陰謀論を乗り越える眼差し | 加納有輝彦

陰謀論を乗り越える眼差し

陰謀論を乗り越える眼差し

ささやかなレビュー
「優しい日本人が気づかない残酷な世界の本音~移民・難民で苦しむ欧州から、宇露戦争、ハマス奇襲まで」(川口マーン恵美×福井義高)

 
 川口マーン恵美ファンの小生として、いつもの通り期待を裏切らない内容だった。というか、あまり知らない東欧の人々の歴史が培った彼らの「感性」の説明が、実に刺激的であった。

 欧州の歴史に詳しい博識な福井氏との掛け合いが、相乗効果を発揮し、かつて渡部昇一氏の著作を読んだ時のような知的興奮を久々に幾分味わえた感がある。

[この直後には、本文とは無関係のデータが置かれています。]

(* Let $T\in\mathbb{T}$. Then every alternating path in $T$ has length at most three.
   Context: $\mathbb{T}$ is the class of simple undirected weighted trees $T$ (nonzero real weights on edges) such that (i) $T$ has at least one non-pendant vertex, and (ii) every non-pendant vertex of $T$ is adjacent to at least one pendant vertex (a vertex of degree one). Given a maximum matching $M$ of $T$, a path is alternating with respect to $M$ if its edges are alternately in $M$ and not in $M$, with first and last edges in $M$; an alternating path in $T$ is a path alternating with respect to some maximum matching of $T$. *)

From HB Require Import structures.
From mathcomp Require Import all_boot all_order all_algebra.
From mathcomp Require Import reals.
Set Implicit Arguments. Unset Strict Implicit. Unset Printing Implicit Defensive.
Import Order.TTheory GRing.Theory Num.Theory.

(* A simple undirected graph on a finite vertex type V is a symmetric,
   irreflexive relation e : rel V.  Edges are 2-element vertex sets. *)

Section Graphs.
Variable V : finType.
Variable e : rel V.

Definition simple_graph : Prop := symmetric e /\ irreflexive e.

Definition is_edge (E : {set V}) : bool :=
  [exists x, exists y, e x y && (E == [set x; y])].

Definition is_cycle (x0 : V) (p : seq V) : bool :=
  [&& uniq (x0 :: p), 2 <= size p, path e x0 p & e (last x0 p) x0].

Definition connected : Prop := forall x y : V, connect e x y.

Definition acyclic : Prop := forall x0 p, ~~ is_cycle x0 p.

Definition is_tree : Prop := simple_graph /\ connected /\ acyclic.

Definition degree (x : V) : nat := #|[set y | e x y]|.

Definition pendant (x : V) : bool := degree x == 1.

Definition matching (M : {set {set V}}) : Prop :=
  (forall E, E \in M -> is_edge E) /\
  (forall E F, E \in M -> F \in M -> E != F -> [disjoint E & F]).

Definition maximum_matching (M : {set {set V}}) : Prop :=
  matching M /\ (forall M', matching M' -> #|M'| <= #|M|).

(* A (simple) path given by its vertex sequence x0 :: p; its length is size p,
   its i-th edge (i < size p) is {v_i, v_(i+1)}. *)
Definition is_path (x0 : V) (p : seq V) : bool := uniq (x0 :: p) && path e x0 p.

Definition path_edge (x0 : V) (p : seq V) (i : nat) : {set V} :=
  [set nth x0 (x0 :: p) i; nth x0 (x0 :: p) i.+1].

(* alternating w.r.t. M: edges alternately in M and not in M, first and last in M;
   equivalently the i-th edge is in M iff i is even, and the length is odd. *)
Definition alternating_wrt (M : {set {set V}}) (x0 : V) (p : seq V) : Prop :=
  is_path x0 p /\ odd (size p) /\
  (forall i, i < size p -> (path_edge x0 p i \in M) = ~~ odd i).

Definition alternating_path (x0 : V) (p : seq V) : Prop :=
  exists M, maximum_matching M /\ alternating_wrt M x0 p.

End Graphs.

Definition in_class_T (R : realType) (V : finType) (e : rel V) (w : {set V} -> R) : Prop :=
  is_tree e /\
  (forall E, is_edge e E -> w E != 0%R) /\
  (exists x, ~~ pendant e x) /\
  (forall x, ~~ pendant e x -> exists y, e x y && pendant e y).

From HB Require Import structures.
From mathcomp Require Import all_boot all_order all_algebra.
From mathcomp Require Import reals.
Set Implicit Arguments. Unset Strict Implicit. Unset Printing Implicit Defensive.

(* An alternating path of length at least four has an interior matching edge
   {b, c} whose ends both have degree at least two.  In the class T each of
   them then carries a pendant neighbour, u at b and v at c; these are not
   covered by the matching, so u-b-c-v is an augmenting path and the matching
   was not maximum. *)

Lemma disjoint_set2 (T : finType) (x y : T) (A : {set T}) :
  [disjoint [set x; y] & A] = (x \notin A) && (y \notin A).
Proof. by rewrite disjoints_subset subUset !sub1set !inE. Qed.

Section Matchings.
Variables (V : finType) (e : rel V).
Hypotheses (sym : symmetric e) (irr : irreflexive e).

Lemma pendant_adj_eq u v y : pendant e u -> e u v -> e u y -> y = v.
Proof.
move=> /cards1P [z Nu] euv euy.
have: v \in [set t | e u t] by rewrite inE.
have: y \in [set t | e u t] by rewrite inE.
by rewrite Nu !inE => /eqP -> /eqP ->.
Qed.

Lemma adj2_not_pendant x y z : e x y -> e x z -> y != z -> ~~ pendant e x.
Proof.
move=> exy exz yz; apply/negP => /cards1P [t Nx].
have: [set y; z] \subset [set t | e x t].
  by apply/subsetP => s; rewrite !inE => /orP [] /eqP ->.
rewrite Nx subUset !sub1set !inE => /andP [/eqP yt /eqP zt].
by rewrite yt zt eqxx in yz.
Qed.

Lemma is_edge2 x y : e x y -> is_edge e [set x; y].
Proof.
by move=> exy; apply/existsP; exists x; apply/existsP; exists y; rewrite exy eqxx.
Qed.

Lemma edge_neighbor E u :
  is_edge e E -> u \in E -> exists2 v, e u v & E = [set u; v].
Proof.
move=> /existsP [x /existsP [y /andP [exy /eqP ->]]].
by rewrite !inE => /orP [] /eqP ->; [exists y | exists x; rewrite 1?sym 1?setUC].
Qed.

Lemma matching_subset (M M' : {set {set V}}) :
  M' \subset M -> matching e M -> matching e M'.
Proof.
move=> /subsetP sM'M [edgeM disjM].
by split=> [E /sM'M /edgeM | E F /sM'M EM /sM'M FM]; last exact: disjM.
Qed.

Lemma matching_eq_of_mem (M : {set {set V}}) E F x :
  matching e M -> E \in M -> F \in M -> x \in E -> x \in F -> E = F.
Proof.
move=> [_ disjM] EM FM xE xF; apply/eqP; apply: contraT => EF.
by rewrite (disjointFr (disjM _ _ EM FM EF) xE) in xF.
Qed.

Lemma matchingU1 (M : {set {set V}}) E :
  matching e M -> is_edge e E -> (forall F, F \in M -> [disjoint E & F]) ->
  matching e (E |: M) /\ #|E |: M| = #|M|.+1.
Proof.
move=> [edgeM disjM] edgeE disjE.
have [x xE] : exists x, x \in E.
  move: edgeE => /existsP [x /existsP [y /andP [_ /eqP ->]]].
  by exists x; rewrite !inE eqxx.
have EnM : E \notin M by apply/negP => /disjE/disjointFr/(_ xE); rewrite xE.
split; last by rewrite cardsU1 EnM.
split=> [F | F G]; first by case/setU1P=> [-> | /edgeM].
case/setU1P=> [-> | FM] /setU1P [-> | GM]; rewrite ?eqxx //.
- by move=> _; apply: disjE.
- by move=> _; rewrite disjoint_sym; apply: disjE.
- exact: disjM.
Qed.

Lemma pendant_uncovered (M : {set {set V}}) E u b :
  matching e M -> pendant e u -> e u b -> E \in M -> b \in E -> u \notin E ->
  u \notin cover M.
Proof.
move=> mM pu eub EM bE uE; apply/bigcupP => [[F FM uF]].
have [v euv defF] := edge_neighbor (mM.1 _ FM) uF.
have bF : b \in F by rewrite defF (pendant_adj_eq pu eub euv) !inE eqxx orbT.
by rewrite (matching_eq_of_mem mM EM FM bE bF) uF in uE.
Qed.

Lemma augment3_not_maximum (M : {set {set V}}) u b c v :
  matching e M -> [set b; c] \in M -> e u b -> e b c -> e c v ->
  u \notin cover M -> v \notin cover M -> u != v -> ~ maximum_matching e M.
Proof.
move=> mM bcM eub ebc ecv uM vM uv [_ maxM].
have uncov x F : x \notin cover M -> F \in M -> x \notin F.
  by move=> xM FM; apply: contra xM; apply/subsetP/bigcup_sup.
have [uc vb] : u != c /\ v != b.
  move: (uncov u _ uM bcM) (uncov v _ vM bcM).
  by rewrite !inE !negb_or => /andP [_ ->] /andP [->].
have bc : b != c by apply: contraTneq ebc => ->; rewrite irr.
set M0 := M :\ [set b; c].
have M0P F : F \in M0 -> [&& F \in M, b \notin F & c \notin F].
  rewrite !inE => /andP [Fbc FM]; rewrite FM -disjoint_set2.
  by apply: mM.2; rewrite // eq_sym.
have [mM1 cardM1] : matching e ([set c; v] |: M0) /\ #|[set c; v] |: M0| = #|M0|.+1.
  apply: matchingU1; [exact: matching_subset (subsetDl _ _) mM | exact: is_edge2 |].
  move=> F /M0P /and3P [FM _ cF].
  by rewrite disjoint_set2 cF (uncov v F vM FM).
have disj2 F : F \in [set c; v] |: M0 -> [disjoint [set u; b] & F].
  rewrite disjoint_set2 => /setU1P [-> | /M0P /and3P [FM bF _]].
    by rewrite !inE !negb_or uc uv bc eq_sym vb.
  by rewrite bF (uncov u F uM FM).
have [mM2 cardM2] := matchingU1 mM1 (is_edge2 eub) disj2.
by have := maxM _ mM2; rewrite cardM2 cardM1 (cardsD1 [set b; c] M) bcM add1n ltnn.
Qed.

Lemma maximum_matching_edge_pendant (M : {set {set V}}) b c :
  (forall x, ~~ pendant e x -> exists y, e x y && pendant e y) ->
  maximum_matching e M -> [set b; c] \in M -> e b c -> pendant e b || pendant e c.
Proof.
move=> pendN maxM bcM ebc; apply: contraT; rewrite negb_or => /andP [nb nc].
have [u /andP [ebu pu]] := pendN b nb.
have [v /andP [ecv pv]] := pendN c nc.
have [eub evc] : e u b /\ e v c by rewrite (sym u) (sym v).
have bc : b != c by apply: contraTneq ebc => ->; rewrite irr.
have ub : u != b by apply: contraTneq ebu => ->; rewrite irr.
have uc : u != c by apply: contraNneq nc => <-.
have vb : v != b by apply: contraNneq nb => <-.
have vc : v != c by apply: contraTneq ecv => ->; rewrite irr.
have uM : u \notin cover M.
  apply: (pendant_uncovered maxM.1 pu eub bcM); first by rewrite !inE eqxx.
  by rewrite !inE negb_or ub uc.
have vM : v \notin cover M.
  apply: (pendant_uncovered maxM.1 pv evc bcM); first by rewrite !inE eqxx orbT.
  by rewrite !inE negb_or vb vc.
have uv : u != v.
  by apply: contraTneq pu => uv_eq; apply: (adj2_not_pendant eub _ bc); rewrite uv_eq.
by case: (augment3_not_maximum maxM.1 bcM eub ebc ecv uM vM uv).
Qed.

End Matchings.

Theorem corollary3p4 (R : realType) (V : finType) (e : rel V) (w : {set V} -> R) :
  @in_class_T R V e w ->
  forall (x0 : V) (p : seq V), alternating_path e x0 p -> size p <= 3.
Proof.
move=> [[[sym irr] _] [_ [_ pendN]]] x0 p [M [maxM [/andP [up pp] [_ alt]]]].
rewrite leqNgt; apply/negP.
case: p up pp alt => [|a [|b [|c [|d p']]]] // up /and5P [_ eab ebc ecd _] alt _.
have bcM : [set b; c] \in M by have := alt 2 isT; rewrite /path_edge /= => ->.
have [ac bd] : a != c /\ b != d.
  move: up; rewrite /= !inE !negb_or.
  by case/and5P=> [_ /and4P [_ -> _ _] /and3P [_ -> _] _ _].
have nb : ~~ pendant e b by apply: adj2_not_pendant ac; rewrite // sym.
have nc : ~~ pendant e c by apply: adj2_not_pendant bd; rewrite // sym.
have := maximum_matching_edge_pendant sym irr pendN maxM bcM ebc.
by rewrite (negbTE nb) (negbTE nc).
Qed.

 特に印象に残った点として、ソ連崩壊まで、共産主義体制を実際に体験した東欧の人々にとって、昨今のいわゆる西側のリベラルな政治体制(民主党政権下のアメリカに代表されるような、あるいは、EUの体制に代表されるような)に、かつて共産主義体制で味わった全体主義の匂いを敏感に嗅ぎ取り、決して、わが国の岸田総理の如く、西側リベラル体制に盲従することはないということ。
 LGBTQの権利拡大を目指すようなリベラル派のいう自由に懐疑的であるということ。
括弧つきの「自由」に共産主義的全体主義を見ている。

 例えば、EU内の嫌われ者ハンガリーのように。

これは非常に面白い論点であった。とかく、東欧に対して西側リベラル派は下に見る傾向があるが、そのようなステレオタイプ(常識?)が兜割りされる「知的爽快感」がある。

東欧の人々が、「正見」をしているかもしれないのだ。西側リベラルが「邪見」をしているのかもしれない。

 岸田総理の「西側リベラルへの盲従ぶり」に川口氏は、警鐘を鳴らし続けておられるが、福井氏は、岸田日本ののらりくらり盲従ぶりが、実は、日本を守る戦略である可能性があるという。本人に自覚はなかろうが。

 この福井氏の見解に、川口氏は、懐疑的であったが、対談を進めていく中で、福井氏のジョークにも見える見解に対する懐疑が、どんでん返しをくらう。これは読み物としても面白かった。それは読んでのお楽しみ。

 さて、最後に。
いわゆる「陰謀論」。
 ここ数年、識者が討論番組などで発言する際に「枕詞」となった感がある「こういうと陰謀論と言われるかもしれませんが・・・。」との前置き。

 このように識者が、陰謀論とレッテル貼をされる事に非常に敏感となっている。
実際、「陰謀論」とレッテル貼され、一部から批判を受け軽蔑される識者もいる。

 川口マーン恵美氏は、このような前置きをする必要がない。彼女が、いわゆる「陰謀論」と言われるような内容を語ったとしても(実際彼女は、アンチ・グローバリズムである。)
一般論として「それは陰謀論だ!」というような批判を惹起することがない。安定感がある。

 その理由を私なりに、いろいろ考えてはきた。

本書を読むことによって、その理由がはっきり分かったような気がした。

 彼女には「正見」がある。イデオロギーという色眼鏡を彼女はかけていない。色眼鏡なしで、かつ、歴史への深い洞察がある。「愛」がある。生活者への「愛」がある。

 人は抽象的に人を糾弾し憎むことができる。
しかし、人に固有名詞を付けると、その人にまるわる歴史風景、人間関係等々、具体的な眼差しが生れ、そうそう簡単に糾弾し、憎むことはできない。むしろ、理解がすすめばすすむほど、愛が生れて来る。同時に、不義にたいする「正義」の感覚も研ぎ澄まされてくる。

 川口さんには、イデオロギーに洗脳されていない歴史観がある。
具体的な一人一人、生きている人間への眼差しがある。
 イデオロギーで抽象的に人間を捉えてはいない。
すなわち具体的個人に対する眼差しの上で、政治、政策を語っておられる。

 ゆえにこそ、例えば、ドイツの緑の党など、リベラル指導者の「欺瞞」「インチキ」が油が水に浮かぶように、自然と炙り出される。
 
 陰謀論と同じような論点を語っても、陰謀論にならない「正見」がある。
これは、あくまで私の個人的見解にすぎないが、ますます川口ファンになってしまった。